Metrics	Numerical values that are collected at regular intervals. Metrics describe some aspects of a system at a particular time.

Key design strategies

To implement a comprehensive monitoring system design for your workload, follow these core tenets:

Whenever practical, take advantage of platform-provided monitoring tools, which typically require little configuration and can provide deep insights into your workload that might otherwise be difficult to obtain.
Collect logs and metrics from the entire workload stack.

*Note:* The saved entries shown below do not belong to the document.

Lemma pr_event_lt_le : 0 <= a -> a < b -> b <= 1 ->
  pr P event_lt <= b - a - excessR (F \o Q) a b.
Proof.
move=> a0 ab b1.
have Eab : pr P event_lt <= b - a.
  rewrite -pr_oo; [|lra..].
  by apply: le_pr; [exact: measurable_event_lt|exact: measurable_oo_set|move=> t []].
rewrite lerBrDl addrC -lerBrDl; apply: sup_image_itv_le => // x /andP[ax xb].
apply: posp_le; last lra.
(* [D] and the event are disjoint parts of {a < U < b}, and [D] has mass at
   least b - x - (1 - F (Q x)). *)
pose D := [set t | x < U t < b /\ Y t <= Q x].
have mD : measurable D.
  by apply: measurableI; [exact: measurable_oo_set|exact: measurable_ler_set].
have ED : pr P event_lt + pr P D <= b - a.
  rewrite -pr_oo; [|lra..].
  apply: (pr_disjointU_le (P := P)) measurable_event_lt mD (measurable_oo_set _ _ mU) _ _.
    apply/seteqP; split => t //= [[/andP[_ ut] QY] [/andP[xu _] YQ]].
    have : Q x <= Q (U t) by apply: Q_nd; lra.
    lra.
  by move=> t /= [[]|[/andP[? ?] _]] //; apply/andP; lra.
have := pr_subsetU (P := P) (measurable_oo_set x b mU) mD
  (measurable_ltr_set (f := fun=> Q x) (measurable_cst _) mY).
rewrite pr_oo ?(pr_gt_cdfRV P Y mY); [|lra..].
have : [set t | x < U t < b] `<=` D `|` [set t | Q x < Y t].
  by move=> t /= h; case: (ltP (Q x) (Y t)) => h'; [right|left].
by move=> /[swap] /[apply]; change ((F \o Q) x) with (F (Q x)); lra.
Qed.

Lemma excessR_le_pr_event_gt : 0 <= a -> a < b -> b <= 1 ->
  excessR (leftlim F \o Q) a b <= pr P event_gt.
Proof.
move=> a0 ab b1; apply: sup_image_itv_le => // x /andP[ax xb].
apply: posp_le; last exact: pr_ge0.
have := pr_subsetU (P := P) (measurable_oo_set x b mU) measurable_event_gt
  (measurable_ler_set (f := fun=> Q x) (measurable_cst _) mY).
rewrite pr_oo ?(pr_ge_leftlim_cdfRV P Y mY); [|lra..].
have : [set t | x < U t < b] `<=` event_gt `|` [set t | Q x <= Y t].
  move=> t /= /andP[xUt Utb].
  have [YQ|QY] := ltP (Y t) (Q (U t)); first by left; split => //; apply/andP; lra.
  by right; apply: le_trans QY; apply: Q_nd; lra.
by move=> /[swap] /[apply]; change ((leftlim F \o Q) x) with (leftlim F (Q x)); lra.
Qed.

All low-code and code-first components and resources should be configured to produce standardized, meaningful data, and that data needs to be collected.
Store the collected data in a standardized, reliable, and secure storage solution.

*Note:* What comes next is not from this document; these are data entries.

(* The state $h$ on $U_n^{nc}$ defined below is tracial, and $h\star_T\phi=h$ for every tracial state $\phi$ on $U_n^{nc}$. Consequently $h$ is the Haar trace on $U\langle n\rangle$ for the tensor convolution.
   Context: $U_n^{nc}$ is the universal unital $*$-algebra generated by $u_{ij}$ ($1\le i,j\le n$) with $\sum_ku_{ki}^*u_{kj}=\delta_{ij}=\sum_ku_{ik}u_{jk}^*$, with $\Delta(u_{ij})=\sum_ku_{ik}^{(1)}u_{kj}^{(2)}$ into the free product $U_n^{nc}\sqcup U_n^{nc}$, $\delta(u_{ij})=\delta_{ij}$. Tensor convolution: $\phi\star_T\psi=(\phi\otimes\psi)\circ\Delta$, where $\phi\otimes\psi$ is the unital functional on $U_n^{nc}\sqcup U_n^{nc}$ such that for $A_i\in\ker\delta$ in factor $\epsilon_i\in\{1,2\}$, $\epsilon_i\ne\epsilon_{i+1}$, $(\phi\otimes\psi)(A_1\cdots A_m)=\phi(\prod_{\epsilon_i=1}A_i)\psi(\prod_{\epsilon_i=2}A_i)$ (ordered products); equivalently $\phi\star_T\psi(u^{\epsilon_1}_{i_1j_1}\cdots u^{\epsilon_r}_{i_rj_r})=\sum_{k_1,\dots,k_r}\phi(u^{\epsilon_1}_{i_1k_1}\cdots u^{\epsilon_r}_{i_rk_r})\psi(u^{\epsilon_1}_{k_1j_1}\cdots u^{\epsilon_r}_{k_rj_r})$. A state is tracial if $\phi(ab)=\phi(ba)$; the tensor Haar trace is a tracial state $h$ with $\phi\star_Th=h=h\star_T\phi$ for all tracial $\phi$. Definition of $h$: let $H=\ell^2(\mathbb Z)\otimes\bigotimes_{k\in\mathbb Z}M_n(\mathbb C)$ ($M_n(\mathbb C)$ with inner product $\mathrm{Tr}(A^*B)/n$, infinite tensor product with reference vector $I_n$); $U_{ij}(\delta_k\otimes(\cdots\otimes M_k\otimes\cdots))=\delta_{k+1}\otimes(\cdots\otimes E_{ji}M_k\otimes\cdots)$ (factor at position $k$ multiplied), $U_{ij}^*(\delta_k\otimes(\cdots\otimes M_{k-1}\otimes\cdots))=\delta_{k-1}\otimes(\cdots\otimes E_{ij}M_{k-1}\otimes\cdots)$; $j(u_{ij})=U_{ij}$ extends to a unital $*$-homomorphism $U_n^{nc}\to B(H)$; $h(a)=\langle\Omega,j(a)\Omega\rangle$ with $\Omega=\delta_0\otimes\bigotimes_kI_n$. *)

From Stdlib Require Import Reals ZArith List Arith Bool.
Import ListNotations.
Open Scope R_scope.

Definition C := (R * R)%type.
Definition Cadd (x y : C) : C := (fst x + fst y, snd x + snd y).
Definition Cmul (x y : C) : C :=
  (fst x * fst y - snd x * snd y, fst x * snd y + snd x * fst y).
Definition Cconj (x : C) : C := (fst x, - snd x).
Definition C0 : C := (0, 0).
Definition C1 : C := (1, 0).
Definition RtoC (r : R) : C := (r, 0).
Definition Csum (l : list C) : C := fold_right Cadd C0 l.
Definition Csum_n (n : nat) (f : nat -> C) : C := Csum (map f (seq 0 n)).
Definition delta (i j : nat) : C := if Nat.eqb i j then C1 else C0.

(* mkgen false i j = u_ij ,  mkgen true i j = u_ij^*  (indices 0..n-1) *)
Record gen := mkgen { st : bool; gi : nat; gj : nat }.
Definition u (i j : nat) : gen := mkgen false i j.
Definition us (i j : nat) : gen := mkgen true i j.
Definition word := list gen.
Definition valid (n : nat) (w : word) : Prop :=
  Forall (fun g => (gi g < n)%nat /\ (gj g < n)%nat) w.
Definition adj (w : word) : word :=
  rev (map (fun g => mkgen (negb (st g)) (gi g) (gj g)) w).

(* A linear functional on U_n^nc is given by its values on monomials
   (the monomials span U_n^nc). *)
Definition functional := word -> C.

(* phi vanishes on the two-sided ideal generated by the defining relations
   sum_k u_ki^* u_kj - delta_ij  and  sum_k u_ik u_jk^* - delta_ij,
   i.e. phi factors through U_n^nc. *)
Definition respects_relations (n : nat) (phi : functional) : Prop :=
  forall (a b : word) (i j : nat), valid n a -> valid n b -> (i < n)%nat -> (j < n)%nat ->
    Csum_n n (fun k => phi (a ++ [us k i; u k j] ++ b)) = Cmul (delta i j) (phi (a ++ b)) /\
    Csum_n n (fun k => phi (a ++ [u i k; us j k] ++ b)) = Cmul (delta i j) (phi (a ++ b)).

(* positivity: phi(x^* x) >= 0 for x = sum_p c_p w_p *)
Definition positive (n : nat) (phi : functional) : Prop :=
  forall l : list (C * word), Forall (fun p => valid n (snd p)) l ->
    let s := Csum (flat_map (fun p => map (fun q =>
               Cmul (Cmul (Cconj (fst p)) (fst q)) (phi (adj (snd p) ++ snd q))) l) l) in
    snd s = 0 /\ 0 <= fst s.

Definition is_state (n : nat) (phi : functional) : Prop :=
  phi [] = C1 /\ respects_relations n phi /\ positive n phi.

Definition tracial (n : nat) (phi : functional) : Prop :=
  forall v w, valid n v -> valid n w -> phi (v ++ w) = phi (w ++ v).

Definition feq (n : nat) (phi psi : functional) : Prop :=
  forall w, valid n w -> phi w = psi w.

Fixpoint ktuples (n r : nat) : list (list nat) :=
  match r with
  | O => [[]]
  | S r' => flat_map (fun k => map (cons k) (ktuples n r')) (seq 0 n)
  end.
Definition left_word (w : word) (ks : list nat) : word :=
  map (fun p => mkgen (st (fst p)) (gi (fst p)) (snd p)) (combine w ks).
Definition right_word (w : word) (ks : list nat) : word :=
  map (fun p => mkgen (st (fst p)) (snd p) (gj (fst p))) (combine w ks).
(* (phi *_T psi)(u^{e1}_{i1 j1} ... u^{er}_{ir jr})
     = sum_{k} phi(u^{e1}_{i1 k1} ...) psi(u^{e1}_{k1 j1} ...) *)
Definition conv (n : nat) (phi psi : functional) : functional := fun w =>
  Csum (map (fun ks => Cmul (phi (left_word w ks)) (psi (right_word w ks)))
            (ktuples n (length w))).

Process stored data so that it can be handled by analysis and visualization solutions.
Analyze processed data to accurately determine the state of the workload.

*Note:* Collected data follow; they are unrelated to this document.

(* Let $u,\gamma>0$, $s>0$, $\nu_0\in(0,1)$ and $\nu_1=1-\nu_0$, and let $F(y)=-y(1-y)[s+\gamma(1-y)]+u\nu_1(1-y)-u\nu_0y$. If $u<s$ or $\gamma<s$, then $F$ has exactly one root in $[0,1]$. *)

From Stdlib Require Import Reals.
Open Scope R_scope.

Definition F (u gamma s nu0 y : R) : R :=
  let nu1 := 1 - nu0 in
  - y * (1 - y) * (s + gamma * (1 - y)) + u * nu1 * (1 - y) - u * nu0 * y.

From Stdlib Require Import Reals Lra Psatz.
Open Scope R_scope.

(* F is the cubic -gamma y^3 + (s + 2 gamma) y^2 - (s + gamma + u) y + u nu1, with
   F(0) = u nu1 > 0 and F(1) = -u nu0 < 0, so the intermediate value theorem gives a
   root in [0,1].  For uniqueness write F(x) - F(y) = (x - y) Q(x,y), Q = [F_divdiff].  If a < b were two
   roots, then b < 1 and Q(b,1) = (s - u) - (1 - b)(s - gamma b) < 0 because F(1) < 0;
   either hypothesis then forces gamma b < s.  But
   Q(a,b) = Q(b,1) - (1 - a)(s - gamma (a + b - 1)) <= Q(b,1) < 0, contradicting
   Q(a,b) = 0. *)

Section CubicF.

Variables u gamma s nu0 : R.

Definition F_divdiff (x y : R) : R :=
  - gamma * (x * x + x * y + y * y) + (s + 2 * gamma) * (x + y) - (s + gamma + u).

Lemma F_sub (x y : R) :
  F u gamma s nu0 x - F u gamma s nu0 y = (x - y) * F_divdiff x y.
Proof. unfold F, F_divdiff; ring. Qed.

Lemma F_divdiff_r1 (b : R) :
  F_divdiff b 1 = (s - u) - (1 - b) * (s - gamma * b).
Proof. unfold F_divdiff; ring. Qed.

Lemma F_divdiff_shift (a b : R) :
  F_divdiff a b = F_divdiff b 1 - (1 - a) * (s - gamma * (a + b - 1)).
Proof. unfold F_divdiff; ring. Qed.

Lemma F_at0 : F u gamma s nu0 0 = u * (1 - nu0).
Proof. unfold F; ring. Qed.

Lemma F_at1 : F u gamma s nu0 1 = - (u * nu0).
Proof. unfold F; ring. Qed.

Hypothesis u_gt0 : 0 < u.
Hypothesis gamma_gt0 : 0 < gamma.
Hypothesis nu0_01 : 0 < nu0 < 1.

Lemma F_root_exists : exists y, 0 <= y <= 1 /\ F u gamma s nu0 y = 0.
Proof.
  assert (Fcont : continuity (F u gamma s nu0)) by (unfold F; reg).
  assert (sign_change : F u gamma s nu0 0 * F u gamma s nu0 1 <= 0).
  { rewrite F_at0, F_at1.
    assert (0 < u * (1 - nu0)) by nra.
    assert (0 < u * nu0) by nra.
    nra. }
  destruct (IVT_cor _ 0 1 Fcont ltac:(lra) sign_change) as [y Hy].
  now exists y.
Qed.

Lemma F_root_lt1 (b : R) : F u gamma s nu0 b = 0 -> b <> 1.
Proof.
  intros Fb ->; rewrite F_at1 in Fb.
  assert (0 < u * nu0) by nra.
  lra.
Qed.

Lemma F_divdiff_r1_neg (b : R) :
  b < 1 -> F u gamma s nu0 b = 0 -> F_divdiff b 1 < 0.
Proof.
  intros b_lt1 Fb.
  assert (slope : (b - 1) * F_divdiff b 1 = u * nu0).
  { rewrite <- F_sub, Fb, F_at1; ring. }
  assert (0 < u * nu0) by nra.
  nra.
Qed.

Hypothesis u_or_gamma_lt_s : u < s \/ gamma < s.

Lemma gamma_root_lt_s (b : R) :
  0 <= b < 1 -> F u gamma s nu0 b = 0 -> gamma * b < s.
Proof.
  intros b01 Fb.
  pose proof (F_divdiff_r1_neg b (proj2 b01) Fb) as Qb1.
  rewrite F_divdiff_r1 in Qb1.
  destruct u_or_gamma_lt_s; nra.
Qed.

Lemma F_roots_lt_absurd (a b : R) :
  0 <= a -> a < b -> b <= 1 ->
  F u gamma s nu0 a = 0 -> F u gamma s nu0 b = 0 -> False.
Proof.
  intros a_ge0 ab b_le1 Fa Fb.
  assert (b_lt1 : b < 1) by (pose proof (F_root_lt1 b Fb); lra).
  assert (Qab : F_divdiff a b = 0).
  { assert (prod0 : (a - b) * F_divdiff a b = 0) by (rewrite <- F_sub, Fa, Fb; ring).
    destruct (Rmult_integral _ _ prod0); [lra | assumption]. }
  pose proof (F_divdiff_r1_neg b b_lt1 Fb) as Qb1.
  pose proof (gamma_root_lt_s b ltac:(lra) Fb).
  assert (0 < (1 - a) * (s - gamma * (a + b - 1))) by (apply Rmult_lt_0_compat; nra).
  rewrite F_divdiff_shift in Qab.
  lra.
Qed.

Lemma F_roots01_eq (a b : R) :
  0 <= a <= 1 -> 0 <= b <= 1 ->
  F u gamma s nu0 a = 0 -> F u gamma s nu0 b = 0 -> a = b.
Proof.
  intros Ha Hb Fa Fb.
  destruct (Rtotal_order a b) as [ab | [ab | ba]]; [exfalso | exact ab | exfalso].
  - exact (F_roots_lt_absurd a b ltac:(lra) ab ltac:(lra) Fa Fb).
  - exact (F_roots_lt_absurd b a ltac:(lra) ba ltac:(lra) Fb Fa).
Qed.

End CubicF.

Theorem proposition3p2 (u gamma s nu0 : R) :
  0 < u -> 0 < gamma -> 0 < s -> 0 < nu0 < 1 ->
  (u < s \/ gamma < s) ->
  exists! y : R, 0 <= y <= 1 /\ F u gamma s nu0 y = 0.
Proof.
  (* [0 < s] is implied by the last hypothesis. *)
  intros u_gt0 gamma_gt0 _ nu0_01 u_or_gamma_lt_s.
  destruct (F_root_exists u gamma s nu0 u_gt0 nu0_01) as [y [y01 Fy]].
  exists y; split; [now split |].
  intros z [z01 Fz].
  exact (F_roots01_eq u gamma s nu0 u_gt0 gamma_gt0 nu0_01 u_or_gamma_lt_s
           y z y01 z01 Fy Fz).
Qed.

Visualize the state of the workload in meaningful dashboards or reports for workload teams and other stakeholders.
Configure actionable alerts and other automatic responses to intelligently defined thresholds to notify workload teams when issues arise.
Include monitoring and alerting systems in your overall workload testing practices.
Ensure that monitoring and alerting systems are in scope for continuous improvement. Application and configuration behavior in production provides continuous learning opportunities. Incorporate those lessons into monitoring and alerting designs.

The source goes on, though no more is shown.